Speaking to iTnews on the sidelines of the AISA national conference in Melbourne, Bertrand advised against focusing solely on risk. 

"Coming from security, you often talk about risks around what happens in court. In companies [based] online that can be more apparent," Bertrand said. 

Instead, he advocated emphasising the ways IT security projects can create value and revenue for businesses. 

"Sometimes [in IT], things are tight. So it's about being honest with yourself, looking at what [different] kinds of information can provide, explaining it to the executives and saying 'here are the metrics I'm trying to align myself to'," Bertrand said. 

"From an executive's point of view, they'll think 'here's a sales guy that has guaranteed, or pretty close to guaranteed, the revenue they're going to bring in' as opposed to 'here's a risk around something that may or may not happen'.  

"It's really about understanding what your business does and its pain points, and then trying to align yourself to those things. But I make no bones about it, it's not easy and it's not an exact science."

Security as value add-on 

Bertrand's first tip is to look at how core services process security and how that can generate revenue.   

"Think about your products and security. From my perspective, security itself is starting to become billable, and increasingly it's something that customers want enough they're willing to pay for it, and companies looking for more scope can look at the revenue they can generate from that," Bertrand said.  

He also advised other security leads to think about how departments across the organisation can reuse security capabilities for their own ends.  

"There's a couple of key points around using the visibility you have, using the capability you have, and the potential of making it available to other departments," he said.

"Can other people use that? Potentially. [You need to] look at it from the outside in, and think about how I would use the data or the commercial capability."   

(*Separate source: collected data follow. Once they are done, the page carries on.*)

Lemma contract_monE w i : contract_mon w i =
  if i == last then minn (w (L i)) (w top) else w (L i).
Proof. by rewrite /contract_mon mnmE. Qed.

Lemma ext_mon_le u w : (ext_mon u <= w)%MM = (u <= contract_mon w)%MM.
Proof.
apply/mnm_lepP/mnm_lepP => H i.
  rewrite contract_monE; case: eqP => [->|_]; last by rewrite -ext_monL H.
  by rewrite leq_min -{1}ext_monL H -ext_mon_top H.
case: (unliftP top i) => [j ->|->].
  rewrite ext_monL; apply: leq_trans (H j) _; rewrite contract_monE.
  by case: eqP => // _; exact: geq_minl.
by rewrite ext_mon_top; apply: leq_trans (H last) _; rewrite contract_monE eqxx geq_minr.
Qed.

Lemma ext_ideal_monomial (K : fieldType) (I : polyset K n.+1) :
  is_monomial_ideal (ext_ideal I).
Proof. by exists (fun w => exists u, min_gens I u /\ w = ext_mon u). Qed.

Lemma ext_idealX (K : fieldType) (I : polyset K n.+1) w : is_monomial_ideal I ->
  ext_ideal I 'X_[w] <-> I 'X_[contract_mon w].
Proof.
move=> hI; rewrite /ext_ideal mon_gen_idealP; split.
  move/(_ w); rewrite msuppX mem_head => /(_ isT) [s [u [[Iu _] ->]]].
  by rewrite ext_mon_le => le; exact: monomial_idealX_lem hI _ _ Iu le.
move=> Iw m; rewrite msuppX inE => /eqP ->.
have [u hu le] := min_gens_exists Iw.
by exists (ext_mon u); [exists u | rewrite ext_mon_le].
Qed.

Lemma mon_quot_ext (K : fieldType) (I J : polyset K n.+1) w :
  is_monomial_ideal I -> is_monomial_ideal J ->
  mon_quot (ext_ideal I) (ext_ideal J) w <-> mon_quot I J (contract_mon w).
Proof.
move=> hI hJ; have EI := ext_idealX w hI; have EJ := ext_idealX w hJ.
by split=> [[/EI Iw nJw]|[/EI Iw nJw]]; split=> // /EJ.
Qed.

End Contraction.

Section LiftCones.
Variable n : nat.
Notation top := (@ord_max n.+1).
Notation last := (@ord_max n).
Notation L := (lift top).
Implicit Types (x : cone n.+1) (w : 'X_{1..n.+2}) (Z : {set 'I_n.+1}).

Definition lift_set Z : {set 'I_n.+2} := [set L j | j in Z].

Lemma mem_lift_set Z j : (L j \in lift_set Z) = (j \in Z).
Proof. exact/mem_imset/lift_inj. Qed.

Lemma top_notin_lift_set Z : top \notin lift_set Z.
Proof. by apply/imsetP => [[j _ E]]; move: (neq_lift top j); rewrite -E eqxx. Qed.

Lemma card_lift_set Z : #|lift_set Z| = #|Z|.
Proof. exact/card_imset/lift_inj. Qed.

Lemma lift_eq_top j : (L j == top) = false.
Proof. by apply/negbTE; rewrite eq_sym neq_lift. Qed.

Lemma mem_lift_setU1 Z j : (L j \in top |: lift_set Z) = (j \in Z).
Proof. by rewrite in_setU1 lift_eq_top mem_lift_set. Qed.

Lemma forall_ord_lift (P : 'I_n.+2 -> Prop) :
  (forall i, P i) <-> (forall j, P (L j)) /\ P top.
Proof. by split=> [H|[H1 H2] i]; [split | case: (unliftP top i) => [j ->|->]]. Qed.

Lemma forall_ord_last (P : 'I_n.+1 -> Prop) :
  (forall i, P i) <-> (forall j, j != last -> P j) /\ P last.
Proof.
split=> [H|[H1 H2] i]; first by split.
by case: (eqVneq i last) => [->|]; [|exact: H1].
Qed.

(* The cone [x] of the smaller ring is the image under [contract_mon] of the
   cone [top_cone x], plus [side_cone x] when [X_n] is not free in [x]. *)
Definition top_cone x : cone n.+2 := (top |: lift_set x.1, ext_mon x.2).
Definition side_cone x : cone n.+2 := (L last |: lift_set x.1, (ext_mon x.2 + U_(L last))%MM).

Definition lift_cone x : seq (cone n.+2) :=
  if last \in x.1 then [:: top_cone x] else [:: top_cone x; side_cone x].

Definition in_cone_but_last x w :=
  forall j, j != last -> (x.2 j <= w (L j) /\ (j \notin x.1 -> w (L j) = x.2 j))%N.

Lemma in_cone_contract x w : in_cone x (contract_mon w) <-> in_cone_but_last x w /\
  (x.2 last <= minn (w (L last)) (w top) /\
   (last \notin x.1 -> minn (w (L last)) (w top) = x.2 last))%N.
Proof.
rewrite -(rwP (in_coneP _ _)) forall_ord_last contract_monE eqxx.
by split=> [[H1 H2]|[H1 H2]]; split => // j nj; move: (H1 j nj); rewrite contract_monE (negbTE nj).
Qed.

Lemma in_top_cone x w : in_cone (top_cone x) w <-> in_cone_but_last x w /\
  (x.2 last <= w (L last) /\ (last \notin x.1 -> w (L last) = x.2 last) /\
   x.2 last <= w top)%N.
Proof.
rewrite -(rwP (in_coneP _ _)) forall_ord_lift /= forall_ord_last.
split=> [[[H1 [H2 H2']] [H3 _]]|[H1 [H2 [H3 H4]]]].
  rewrite ext_mon_top in H3; rewrite ext_monL in H2; rewrite mem_lift_setU1 ext_monL in H2'.
  split=> // j nj; have [le eq] := H1 j nj.
  by rewrite mem_lift_setU1 ext_monL in eq; rewrite ext_monL in le.
split; [split; [|split]|split].
- by move=> j nj; have [le eq] := H1 j nj; rewrite mem_lift_setU1 !ext_monL.
- by rewrite ext_monL.
- by rewrite mem_lift_setU1 ext_monL.
- by rewrite ext_mon_top.
- by rewrite in_setU1 eqxx.
Qed.

Lemma in_side_cone x w : last \notin x.1 ->
  in_cone (side_cone x) w <-> in_cone_but_last x w /\
  (x.2 last < w (L last) /\ w top = x.2 last)%N.
Proof.
move=> nlast; rewrite -(rwP (in_coneP _ _)) forall_ord_lift /= forall_ord_last.
have apexL j : (ext_mon x.2 + U_(L last))%MM (L j) = (x.2 j + (last == j))%N.
  by rewrite mnmDE mnm1E ext_monL (inj_eq lift_inj).
have apex_top : (ext_mon x.2 + U_(L last))%MM top = x.2 last.
  by rewrite mnmDE mnm1E ext_mon_top lift_eq_top addn0.
have memL j : j != last -> (L j \in L last |: lift_set x.1) = (j \in x.1).
  by move=> nj; rewrite in_setU1 (inj_eq lift_inj) (negbTE nj) mem_lift_set.
have mem_top : (top \in L last |: lift_set x.1) = false.
  by rewrite in_setU1 eq_sym lift_eq_top (negbTE (top_notin_lift_set _)).
split=> [[[H1 [H2 _]] [H3 H4]]|[H1 [H2 H3]]].
  rewrite apexL eqxx addn1 in H2; rewrite apex_top mem_top in H4.
  split=> [j nj|]; last by split => //; exact: H4.
  have [le eq] := H1 j nj.
  rewrite apexL eq_sym (negbTE nj) addn0 in le.
  by rewrite memL // apexL eq_sym (negbTE nj) addn0 in eq.
split; [split; [|split]|split].
- by move=> j nj; have [le eq] := H1 j nj; rewrite memL // apexL eq_sym (negbTE nj) addn0.
- by rewrite apexL eqxx addn1.
- by rewrite in_setU1 eqxx.
- by rewrite apex_top H3.
- by rewrite apex_top.
Qed.
(** Alphabet: the letters are 'I_n.+1 (so N = n+1 letters, 0-indexed). *)

Definition subst_word (N : nat) (sigma : 'I_N -> seq 'I_N) (w : seq 'I_N) :
  seq 'I_N := flatten (map sigma w).

Definition subst_iter (N : nat) (sigma : 'I_N -> seq 'I_N) (k : nat)
  (w : seq 'I_N) : seq 'I_N := iter k (subst_word sigma) w.

Definition subst_matrix (N : nat) (sigma : 'I_N -> seq 'I_N) : 'M[nat]_N :=
  \matrix_(a, b) count_mem a (sigma b).

(** Principal block of M indexed by the letter set S (entries outside S x S
    are set to 0; its powers restricted to S are the powers of the block,
    and its nonzero spectrum is that of the block). *)
Definition restr_mx (N : nat) (S : {set 'I_N}) (M : 'M[nat]_N) : 'M[nat]_N :=
  \matrix_(i, j) if (i \in S) && (j \in S) then M i j else 0%N.

Definition mxpow (N : nat) (M : 'M[nat]_N) (k : nat) : 'M[nat]_N :=
  iter k (mulmx M) 1%:M.

Definition primitive_on (N : nat) (S : {set 'I_N}) (M : 'M[nat]_N) : Prop :=
  exists k : nat, (0 < k)%N /\
    forall i j, i \in S -> j \in S -> (0 < mxpow (restr_mx S M) k i j)%N.

(** Spectral radius: largest modulus of a complex eigenvalue (a complex root
    of the characteristic polynomial); 0 for the empty matrix. *)
Definition spectral_radius (R : realType) (N : nat) (M : 'M[nat]_N) : R :=
  sup [set complex.ComplexField.Normc.normc z | z in
        [set z : complex.complex R |
           root (char_poly (map_mx (fun k : nat => k%:R : complex.complex R) M)) z]].

Definition rhoA (R : realType) (N : nat) (sigma : 'I_N -> seq 'I_N)
  (Bset : {set 'I_N}) : R := spectral_radius R (restr_mx (~: Bset) (subst_matrix sigma)).
Definition rhoB (R : realType) (N : nat) (sigma : 'I_N -> seq 'I_N)
  (Bset : {set 'I_N}) : R := spectral_radius R (restr_mx Bset (subst_matrix sigma)).

Definition admissible (R : realType) (N : nat) (sigma : 'I_N -> seq 'I_N)
  (Bset : {set 'I_N}) : Prop :=
  let M := subst_matrix sigma in
  [/\
      forall a, sigma a != [::],
      (* lower-left block is zero *)
      forall a b, a \notin Bset -> b \in Bset -> M b a = 0%N,
      primitive_on (~: Bset) M /\ primitive_on Bset M &
      exists a b, [/\ a \notin Bset, b \in Bset & (0 < M a b)%N]] /\
  [/\
      1 < rhoB R sigma Bset < rhoA R sigma Bset,
      forall b, b \in Bset -> head b (sigma b) \in Bset /\ last b (sigma b) \in Bset
    &
      forall b, b \in Bset -> exists k i,
        let w := subst_iter sigma k [:: b] in
        [/\ (0 < i)%N, (i < (size w).-1)%N & nth b w i \in Bset]].

Definition seqZ (n : nat) := int -> 'I_n.+1.
HB.instance Definition _ n := Choice.on (seqZ n).
HB.instance Definition _ n := isPointed.Build (seqZ n) (fun _ => ord0).
Definition cyls n : set (set (seqZ n)) :=
  [set A | exists i a, A = [set x : int -> 'I_n.+1 | x i = a]].
Definition shiftspace n := g_sigma_algebraType (@cyls n).

Definition Sshift n (x : shiftspace n) : shiftspace n :=
  fun i : int => (x : int -> 'I_n.+1) (i + 1).

Definition cyl0 n (b : 'I_n.+1) : set (shiftspace n) :=
  [set x | (x : int -> 'I_n.+1) 0 = b].

Definition central_word n (x : int -> 'I_n.+1) (m : nat) : seq 'I_n.+1 :=
  [seq x (i%:Z - m%:Z) | i <- iota 0 (2 * m).+1].

Definition Xsigma n (sigma : 'I_n.+1 -> seq 'I_n.+1) : set (shiftspace n) :=
  [set x | forall m : nat, (0 < m)%N ->
     exists (k : nat) (a : 'I_n.+1), (0 < k)%N /\
       infix (central_word (x : int -> 'I_n.+1) m) (subst_iter sigma k [:: a])].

His third piece of advice, for companies looking at extending their marketing through digital channels, is to examine how examine how security can be a selling point.

"A lot of companies haven't been in that space before and now they're aggressively trying to pursue it in the background, using processes they've been developed and matured internally," Bertrand said. 

"[But they're] using the same sorts of distribution and communication methods that exist today. The internet's not like that."

Stress to your business that security allows an organisation to layer controls over digital marketing channels so it can achieve its KPIs, Bertrand said.  

"If you're looking at a web analytics perspective, say you have a whole bunch of bot behaviour that is not from a customer but is represented as a customer," Bertrand said. 

"If that's just raw, you're potentially making a lot of product decisions based on data that is incorrect and isn't valid.   

"If you can align yourself to cost of sales or customer churn and make a demonstrable change to those, then you can add some real value back to the organisation."   

Getting on board?

Bertrand said attitudes to cybersecurity appear to be changing at boardroom level. 

"If you're looking at Australian boards, in the conversations I've been having, it's becoming something they can't ignore," Bertrand said. 

"Over time you have more people who know the risks and how to treat it."

However, he noted that attitude was dependent on the type of industry the board's organisation operated in.

"In some places, like our site, we're already there. They get it and they feel the pain directly," Bertrand said. 

"For other types of organisations, such as engineering organisations, certainly it's a harder sell. And that's still an education process. But I think it won't take as much time as perhaps we've been looking at. 

"It's down to your customer segment and what they're demanding. If you've got a heavily regulated customer than that's going to be an easier sell because you're helping them deal with those regulatory pain points."

"There's lots of organisations that are now so heavily reliant on how well they can innovate in the digital space or IT, and the efficiencies they can gain, so it might happen by stealth in a lot of regards."